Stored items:
++++++

Lemma bigUr_blockr {R : I -> rel T} (R_on : forall i, rel_on (X i) (R i))
  {i : I} {x y : T} : X i y -> bigUr R x y -> R i x y.
Proof.
  intros Xy [j Hxy].
  now rewrite (block_unique Xy (proj2 (R_on j x y Hxy))).
Qed.

Lemma is_poset_bigUr (le : I -> rel T) :
  (forall i, is_poset (X i) (le i)) -> is_poset (bigU X) (bigUr le).
Proof.
  intros Hle.
  assert (le_on : forall i, rel_on (X i) (le i)) by (intro i; exact (proj1 (Hle i))).
  split; [|split; [|split]].
  - exact (rel_on_bigUr le_on).
  - intros x [i Xx]; exists i.
    destruct (Hle i) as (_ & le_refl & _); exact (le_refl x Xx).
  - intros x y [i Hxy] Hyx.
    destruct (Hle i) as (_ & _ & le_anti & _).
    exact (le_anti x y Hxy (bigUr_blockl le_on (proj2 (le_on i x y Hxy)) Hyx)).
  - intros x y z [i Hxy] Hyz; exists i.
    destruct (Hle i) as (_ & _ & _ & le_trans).
    exact (le_trans x y z Hxy (bigUr_blockl le_on (proj2 (le_on i x y Hxy)) Hyz)).
Qed.

Lemma is_equiv_on_bigUr (E : I -> rel T) :
  (forall i, is_equiv_on (X i) (E i)) -> is_equiv_on (bigU X) (bigUr E).
Proof.
  intros HE.
  assert (E_on : forall i, rel_on (X i) (E i)) by (intro i; exact (proj1 (HE i))).
  split; [|split; [|split]].
  - exact (rel_on_bigUr E_on).
  - intros x [i Xx]; exists i.
    destruct (HE i) as (_ & E_refl & _); exact (E_refl x Xx).
  - intros x y [i Hxy]; exists i.
    destruct (HE i) as (_ & _ & E_sym & _); exact (E_sym x y Hxy).
  - intros x y z [i Hxy] Hyz; exists i.
    destruct (HE i) as (_ & _ & _ & E_trans).
    exact (E_trans x y z Hxy (bigUr_blockl E_on (proj2 (E_on i x y Hxy)) Hyz)).
Qed.

Lemma is_bij_on_bigUr (f : I -> rel T) :
  (forall i, is_bij_on (X i) (f i)) -> is_bij_on (bigU X) (bigUr f).
Proof.
  intros Hf.
  assert (f_on : forall i, rel_on (X i) (f i)) by (intro i; exact (proj1 (proj1 (Hf i)))).
  split; [split|].
  - exact (rel_on_bigUr f_on).
  - intros x [i Xx].
    destruct (proj2 (proj1 (Hf i)) x Xx) as (y & Hxy & Huniq).
    exists y; split; [now exists i|].
    intros y' Hxy'; exact (Huniq y' (bigUr_blockl f_on Xx Hxy')).
  - intros y [i Xy].
    destruct (proj2 (Hf i) y Xy) as (x & Hxy & Huniq).
    exists x; split; [now exists i|].
    intros x' Hx'y; exact (Huniq x' (bigUr_blockr f_on Xy Hx'y)).
Qed.

Lemma bigUr_iff_transport (f R S : I -> rel T) :
  (forall i, rel_on (X i) (f i)) ->
  (forall i, rel_on (X i) (R i)) -> (forall i, rel_on (X i) (S i)) ->
  (forall i x y fx fy, f i x fx -> f i y fy -> (R i x y <-> S i fx fy)) ->
  forall x y fx fy, bigUr f x fx -> bigUr f y fy ->
    (bigUr R x y <-> bigUr S fx fy).
Proof.
  intros f_on R_on S_on Hf x y fx fy [i Hx] [j Hy].
  destruct (f_on i x fx Hx) as [Xx Xfx], (f_on j y fy Hy) as [Xy Xfy].
  split; intros [k Hk].
  - destruct (R_on k x y Hk) as [Xkx Xky].
    pose proof (block_unique Xkx Xx); pose proof (block_unique Xky Xy); subst.
    exists j; now apply (Hf j x y).
  - destruct (S_on k fx fy Hk) as [Xkx Xky].
    pose proof (block_unique Xkx Xfx); pose proof (block_unique Xky Xfy); subst.
    exists j; now apply (Hf j x y fx fy).
Qed.

Lemma order_aut_bigUr (le f : I -> rel T) :
  (forall i, rel_on (X i) (le i)) -> (forall i, order_aut (X i) (le i) (f i)) ->
  order_aut (bigU X) (bigUr le) (bigUr f).
Proof.
  intros le_on Hf; split.
  - apply is_bij_on_bigUr; intro i; exact (proj1 (Hf i)).
  - apply bigUr_iff_transport; [| exact le_on | exact le_on |].
    + intro i; exact (proj1 (proj1 (proj1 (Hf i)))).
    + intro i; exact (proj2 (Hf i)).
Qed.

Lemma dual_order_aut_bigUr (le f : I -> rel T) :
  (forall i, rel_on (X i) (le i)) -> (forall i, dual_order_aut (X i) (le i) (f i)) ->
  dual_order_aut (bigU X) (bigUr le) (bigUr f).
Proof.
  intros le_on Hf; split.
  - apply is_bij_on_bigUr; intro i; exact (proj1 (Hf i)).
  - apply (bigUr_iff_transport f le (fun i => rconv (le i))); [| exact le_on | |].
    + intro i; exact (proj1 (proj1 (proj1 (Hf i)))).
    + intro i; exact (rel_on_rconv (le_on i)).
    + intro i; exact (proj2 (Hf i)).
Qed.

Lemma rcomp_bigUr {R S : I -> rel T} :
  (forall i, rel_on (X i) (R i)) -> (forall i, rel_on (X i) (S i)) ->
  releq (rcomp (bigUr R) (bigUr S)) (bigUr (fun i => rcomp (R i) (S i))).
Proof.
  intros R_on S_on x y; split.
  - intros (z & [i Hxz] & Hzy); exists i, z; split; [exact Hxz|].
    exact (bigUr_blockl S_on (proj2 (R_on i x z Hxz)) Hzy).
  - intros [i (z & Hxz & Hzy)]; exists z; split; exists i; assumption.
Qed.

Lemma rid_bigU : releq (bigUr (fun i => rid (X i))) (rid (bigU X)).
Proof.
  intros x y; split.
  - intros [i [Xx <-]]; split; [now exists i | reflexivity].
  - intros [[i Xx] <-]; now exists i.
Qed.

Lemma self_inverse_bigUr (f : I -> rel T) :
  (forall i, rel_on (X i) (f i)) -> (forall i, self_inverse (X i) (f i)) ->
  self_inverse (bigU X) (bigUr f).
Proof.
  intros f_on Hf; unfold self_inverse.
  rewrite (rcomp_bigUr f_on f_on), <- rid_bigU.
  exact (bigUr_releq Hf).
Qed.

Variable E : I -> rel T.
Hypothesis E_equiv : forall i, is_equiv_on (X i) (E i).

Let E_on i : rel_on (X i) (E i) := proj1 (E_equiv i).
Let E_sym i : forall x y, E i x y -> E i y x := proj1 (proj2 (proj2 (E_equiv i))).
Let E_trans i : forall x y z, E i x y -> E i y z -> E i x z :=
  proj2 (proj2 (proj2 (E_equiv i))).

Definition block (R : rel T) (i : I) : rel T := rcap R (E i).

Lemma block_rcap R S i : releq (block (rcap R S) i) (rcap (block R i) (block S i)).
Proof. intros x y; unfold block, rcap; tauto. Qed.

Lemma block_rcup R S i : releq (block (rcup R S) i) (rcup (block R i) (block S i)).
Proof. intros x y; unfold block, rcap, rcup; tauto. Qed.

Lemma block_rconv R i : releq (block (rconv R) i) (rconv (block R i)).
Proof. intros x y; split; intros [Hyx Exy]; split; auto. Qed.

Lemma block_rcompl R i :
  releq (block (rcompl (bigUr E) R) i) (rcompl (E i) (block R i)).
Proof.
  intros x y; split.
  - intros [[_ nR] Exy]; split; [exact Exy|]; now intros [Hxy _].
  - intros [Exy nR]; split; [split|exact Exy].
    + now exists i.
    + intros Hxy; exact (nR (conj Hxy Exy)).
Qed.

(* Only R needs to lie in E: that puts the middle point in the block of x. *)
Lemma block_rcomp R S i : subrel R (bigUr E) ->
  releq (block (rcomp R S) i) (rcomp (block R i) (block S i)).
Proof.
  intros HR x y; split.
  - intros [(z & Hxz & Hzy) Exy].
    assert (Exz : E i x z)
      by exact (bigUr_blockl E_on (proj1 (E_on i x y Exy)) (HR x z Hxz)).
    exists z; split; split; eauto.
  - intros (z & [Hxz Exz] & [Hzy Ezy]); split; [now exists z | eauto].
Qed.

Lemma block_bigUr {G : I -> rel T} i : (forall j, subrel (G j) (E j)) ->
  releq (block (bigUr G) i) (G i).
Proof.
  intros HG x y; split.
  - intros [[j Hxy] Exy].
    destruct (E_on i x y Exy) as [Xx _], (E_on j x y (HG j x y Hxy)) as [Xjx _].
    now rewrite (block_unique Xx Xjx).
  - intros Hxy; split; [now exists i | exact (HG i x y Hxy)].
Qed.

Lemma bigUr_block {R} : subrel R (bigUr E) -> releq R (bigUr (block R)).
Proof.
  intros HR x y; split.
  - intros Hxy; destruct (HR x y Hxy) as [i Exy]; now exists i.
  - now intros [i [Hxy _]].
Qed.

Lemma subrel_rconv R : subrel R (bigUr E) -> subrel (rconv R) (bigUr E).
Proof.
  intros HR x y Hyx; destruct (HR y x Hyx) as [i Eyx].
  exists i; exact (E_sym i y x Eyx).
Qed.

Context {le alpha beta : I -> rel T}.
Hypothesis le_sub : forall i, subrel (le i) (E i).
Hypothesis alpha_sub : forall i, subrel (alpha i) (E i).
Hypothesis beta_sub : forall i, subrel (beta i) (E i).

Let le_on i : rel_on (X i) (le i) := fun x y Hxy => E_on i x y (le_sub i x y Hxy).

Lemma block_upset R i :
  is_upset (bigUr le) (bigUr E) R -> is_upset (le i) (E i) (block R i).
Proof.
  intros [_ HR]; split.
  - now intros x y [_ Exy].
  - intros u v x y [Huv _] Hxu Hvy Exy; split; [|exact Exy].
    apply (HR u v); [exact Huv | now exists i | now exists i | now exists i].
Qed.

Lemma upset_bigUr (G : I -> rel T) :
  (forall i, is_upset (le i) (E i) (G i)) -> is_upset (bigUr le) (bigUr E) (bigUr G).
Proof.
  intros HG; split.
  - apply subrel_bigUr; intro i; apply (HG i).
  - intros u v x y [i Huv] Hxu Hvy Exy; exists i.
    destruct (E_on i u v (proj1 (HG i) u v Huv)) as [Xu Xv].
    assert (Hxu' : le i x u) by exact (bigUr_blockr le_on Xu Hxu).
    apply (proj2 (HG i) u v); trivial.
    + exact (bigUr_blockl le_on Xv Hvy).
    + exact (bigUr_blockl E_on (proj1 (le_on i x u Hxu')) Exy).
Qed.

Lemma block_Dq_zero i :
  releq (block (Dq_zero (bigUr le) (bigUr alpha) (bigUr E)) i)
        (Dq_zero (le i) (alpha i) (E i)).
Proof.
  unfold Dq_zero.
  rewrite block_rcomp, block_rconv, block_rcompl, !block_bigUr by
    first [ assumption | now apply subrel_bigUr ].
  reflexivity.
Qed.

Lemma block_Dq_tilde R i : subrel R (bigUr E) ->
  releq (block (Dq_tilde (bigUr le) (bigUr alpha) (bigUr E) R) i)
        (Dq_tilde (le i) (alpha i) (E i) (block R i)).
Proof.
  intros HR; unfold Dq_tilde.
  rewrite block_rcompl, block_rcomp, block_rconv, block_rcompl, block_Dq_zero
    by now apply subrel_rconv.
  reflexivity.
Qed.

Lemma block_Dq_minus R i :
  releq (block (Dq_minus (bigUr le) (bigUr alpha) (bigUr E) R) i)
        (Dq_minus (le i) (alpha i) (E i) (block R i)).
Proof.
  unfold Dq_minus.
  rewrite block_rcompl, block_rcomp, block_rconv, block_rcompl, block_Dq_zero
    by apply rcompl_subrel.
  reflexivity.
Qed.

Lemma block_Dq_prime R i :
  releq (block (Dq_prime (bigUr alpha) (bigUr beta) (bigUr E) R) i)
        (Dq_prime (alpha i) (beta i) (E i) (block R i)).
Proof.
  unfold Dq_prime.
  rewrite !block_rcomp, block_rcompl, !block_bigUr by
    first [ assumption | apply rcompl_subrel | now apply subrel_bigUr ].
  reflexivity.
Qed.

Theorem Dq_iso_prod_bigUr :
  Dq_iso_prod (bigUr le) (bigUr alpha) (bigUr beta) (bigUr E) le alpha beta E.
Proof.
  exists block.
  split; [|split; [|split; [|split; [|split; [|split; [|split; [|split; [|split; [|split]]]]]]]]].
  - intros R HR i; now apply block_upset.
  - intros R S [HR _] [HS _] Hblocks.
    rewrite (bigUr_block HR), (bigUr_block HS).
    exact (bigUr_releq Hblocks).
  - intros G HG; exists (bigUr G); split; [now apply upset_bigUr|].
    intro i; apply block_bigUr; intro j; apply (HG j).
  - intros R S _ _ i; apply block_rcap.
  - intros R S _ _ i; apply block_rcup.
  - intros R S [HR _] _ i; now apply block_rcomp.
  - intro i; exact (block_bigUr i le_sub).
  - exact block_Dq_zero.
  - intros R [HR _] i; now apply block_Dq_tilde.
  - intros R _ i; apply block_Dq_minus.
  - intros R _ i; apply block_Dq_prime.
Qed.

End DisjointUnion.

Theorem theorem4p1 (T I : Type) (X : I -> T -> Prop)
  (le E alpha beta : I -> rel T)
  (Hposet : forall i, is_poset (X i) (le i))
  (Hequiv : forall i, is_equiv_on (X i) (E i))
  (HleE : forall i, subrel (le i) (E i))
  (Hdisj : forall i j x, i <> j -> X i x -> X j x -> False)
  (Halpha : forall i, order_aut (X i) (le i) (alpha i))
  (Hbeta : forall i, dual_order_aut (X i) (le i) (beta i))
  (Hbeta_inv : forall i, self_inverse (X i) (beta i))
  (HalphaE : forall i, subrel (alpha i) (E i))
  (HbetaE : forall i, subrel (beta i) (E i))
  (Hbab : forall i, releq (beta i) (rcomp (alpha i) (rcomp (beta i) (alpha i)))) :
  let X0 := bigU X in
  let le0 := bigUr le in
  let E0 := bigUr E in
  let alpha0 := bigUr alpha in
  let beta0 := bigUr beta in
  (* (i) *)
  (is_poset X0 le0 /\ is_equiv_on X0 E0 /\ subrel le0 E0) /\
  (* (ii) *)
  (order_aut X0 le0 alpha0 /\ subrel alpha0 E0) /\
  (* (iii) *)
  (dual_order_aut X0 le0 beta0 /\ self_inverse X0 beta0 /\ subrel beta0 E0) /\
  (* (iv) *)
  releq beta0 (rcomp alpha0 (rcomp beta0 alpha0)) /\
  (* (v) *)
  Dq_iso_prod le0 alpha0 beta0 E0 le alpha beta E.
Proof.
  cbv zeta.
  assert (le_on : forall i, rel_on (X i) (le i)) by (intro i; exact (proj1 (Hposet i))).
  assert (alpha_on : forall i, rel_on (X i) (alpha i))
    by (intro i; exact (proj1 (proj1 (proj1 (Halpha i))))).
  assert (beta_on : forall i, rel_on (X i) (beta i))
    by (intro i; exact (proj1 (proj1 (proj1 (Hbeta i))))).
  split; [split; [|split] | split; [split|split; [split; [|split]|split]]].
  - now apply is_poset_bigUr.
  - now apply is_equiv_on_bigUr.
  - now apply subrel_bigUr.
  - now apply order_aut_bigUr.
  - now apply subrel_bigUr.
  - now apply dual_order_aut_bigUr.
  - now apply self_inverse_bigUr.
  - now apply subrel_bigUr.
  - rewrite (rcomp_bigUr Hdisj beta_on alpha_on).
    rewrite (rcomp_bigUr Hdisj alpha_on (fun i => rel_on_rcomp (beta_on i) (alpha_on i))).
    exact (bigUr_releq Hbab).
  - exact (Dq_iso_prod_bigUr Hdisj E Hequiv HleE HalphaE HbetaE).
Qed.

++++++

ASSIGNED TASK:
Of the entries listed above, reproduce only the lines starting at the line containing "exists z; split; split; eauto." and ending at the line containing "intros HR x y Hyx;". Include both, exactly as they stand.

ANSWER TO THE EXERCISE:
    exists z; split; split; eauto.
  - intros (z & [Hxz Exz] & [Hzy Ezy]); split; [now exists z | eauto].
Qed.

Lemma block_bigUr {G : I -> rel T} i : (forall j, subrel (G j) (E j)) ->
  releq (block (bigUr G) i) (G i).
Proof.
  intros HG x y; split.
  - intros [[j Hxy] Exy].
    destruct (E_on i x y Exy) as [Xx _], (E_on j x y (HG j x y Hxy)) as [Xjx _].
    now rewrite (block_unique Xx Xjx).
  - intros Hxy; split; [now exists i | exact (HG i x y Hxy)].
Qed.

Lemma bigUr_block {R} : subrel R (bigUr E) -> releq R (bigUr (block R)).
Proof.
  intros HR x y; split.
  - intros Hxy; destruct (HR x y Hxy) as [i Exy]; now exists i.
  - now intros [i [Hxy _]].
Qed.

Lemma subrel_rconv R : subrel R (bigUr E) -> subrel (rconv R) (bigUr E).
Proof.
  intros HR x y Hyx; destruct (HR y x Hyx) as [i Eyx].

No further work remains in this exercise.